> Task details:
The response should consist of the records that follow, printed exactly.

*** Dataset entries Section Begins ***

(* Let $n \ge 1$, let $\mathcal{H}$ be a finite-dimensional Hilbert space and let $S$ be any system of the classical-quantum theory. Every leak $l : \mathcal{D}_n \otimes \mathcal{B}(\mathcal{H}) \to \mathcal{D}_n \otimes \mathcal{B}(\mathcal{H}) \otimes S$ for the composite classical-quantum system $\mathcal{D}_n \otimes \mathcal{B}(\mathcal{H})$ is of the form $$ l(|i\rangle\langle i| \otimes \rho) = |i\rangle\langle i| \otimes \rho \otimes \Lambda(|i\rangle\langle i|) \qquad (i = 1,\dots,n,\ \rho \in \mathcal{B}(\mathcal{H})),$$ for some causal (trace-preserving completely positive) process $\Lambda : \mathcal{D}_n \to S$; that is, $l$ copies the classical input, applies $\Lambda$ to one copy to produce the leaked output, and acts as the identity on the quantum input.
   Context: The classical-quantum process theory: systems are finite-dimensional algebras of the form $\mathcal{D}_n \otimes \mathcal{B}(\mathcal{H})$, where $\mathcal{D}_n$ is the algebra of diagonal $n\times n$ complex matrices (an $n$-state classical system, spanned by $|i\rangle\langle i|$) and $\mathcal{H}$ a finite-dimensional Hilbert space (a quantum system); composite systems are tensor products (with $\mathcal{D}_n\otimes\mathcal{D}_m \cong \mathcal{D}_{nm}$). Processes are completely positive maps between these algebras; discarding is the trace (partial trace on a factor), and a process is causal iff it is trace preserving. A leak for a system $A$ is a process $l : A \to A \otimes S$ such that tracing out the $S$ output gives the identity on $A$. *)

(* Classical-quantum process theory, concretely:
   - scalars: C, a numeric closed field (instantiated with R[i], R : realType, i.e. the complex numbers);
   - an algebra A is represented as a subalgebra of a full matrix algebra 'M[C]_N, given by a membership predicate;
   - the tensor product of subalgebras is the (algebraic) span of Kronecker products x *t y (mxtens);
   - D_n = diagonal n x n matrices, B(C^d) = all d x d matrices, D_n (x) B(C^d) = their tensor product. *)
From HB Require Import structures.
From mathcomp Require Import all_boot all_algebra.
From mathcomp Require Import reals.
From mathcomp Require Export complex mxtens.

*** Dataset entries Section Ends ***

> Solution for this problem:
(* Let $n \ge 1$, let $\mathcal{H}$ be a finite-dimensional Hilbert space and let $S$ be any system of the classical-quantum theory. Every leak $l : \mathcal{D}_n \otimes \mathcal{B}(\mathcal{H}) \to \mathcal{D}_n \otimes \mathcal{B}(\mathcal{H}) \otimes S$ for the composite classical-quantum system $\mathcal{D}_n \otimes \mathcal{B}(\mathcal{H})$ is of the form $$ l(|i\rangle\langle i| \otimes \rho) = |i\rangle\langle i| \otimes \rho \otimes \Lambda(|i\rangle\langle i|) \qquad (i = 1,\dots,n,\ \rho \in \mathcal{B}(\mathcal{H})),$$ for some causal (trace-preserving completely positive) process $\Lambda : \mathcal{D}_n \to S$; that is, $l$ copies the classical input, applies $\Lambda$ to one copy to produce the leaked output, and acts as the identity on the quantum input.
   Context: The classical-quantum process theory: systems are finite-dimensional algebras of the form $\mathcal{D}_n \otimes \mathcal{B}(\mathcal{H})$, where $\mathcal{D}_n$ is the algebra of diagonal $n\times n$ complex matrices (an $n$-state classical system, spanned by $|i\rangle\langle i|$) and $\mathcal{H}$ a finite-dimensional Hilbert space (a quantum system); composite systems are tensor products (with $\mathcal{D}_n\otimes\mathcal{D}_m \cong \mathcal{D}_{nm}$). Processes are completely positive maps between these algebras; discarding is the trace (partial trace on a factor), and a process is causal iff it is trace preserving. A leak for a system $A$ is a process $l : A \to A \otimes S$ such that tracing out the $S$ output gives the identity on $A$. *)

(* Classical-quantum process theory, concretely:
   - scalars: C, a numeric closed field (instantiated with R[i], R : realType, i.e. the complex numbers);
   - an algebra A is represented as a subalgebra of a full matrix algebra 'M[C]_N, given by a membership predicate;
   - the tensor product of subalgebras is the (algebraic) span of Kronecker products x *t y (mxtens);
   - D_n = diagonal n x n matrices, B(C^d) = all d x d matrices, D_n (x) B(C^d) = their tensor product. *)
From HB Require Import structures.
From mathcomp Require Import all_boot all_algebra.
From mathcomp Require Import reals.
From mathcomp Require Export complex mxtens.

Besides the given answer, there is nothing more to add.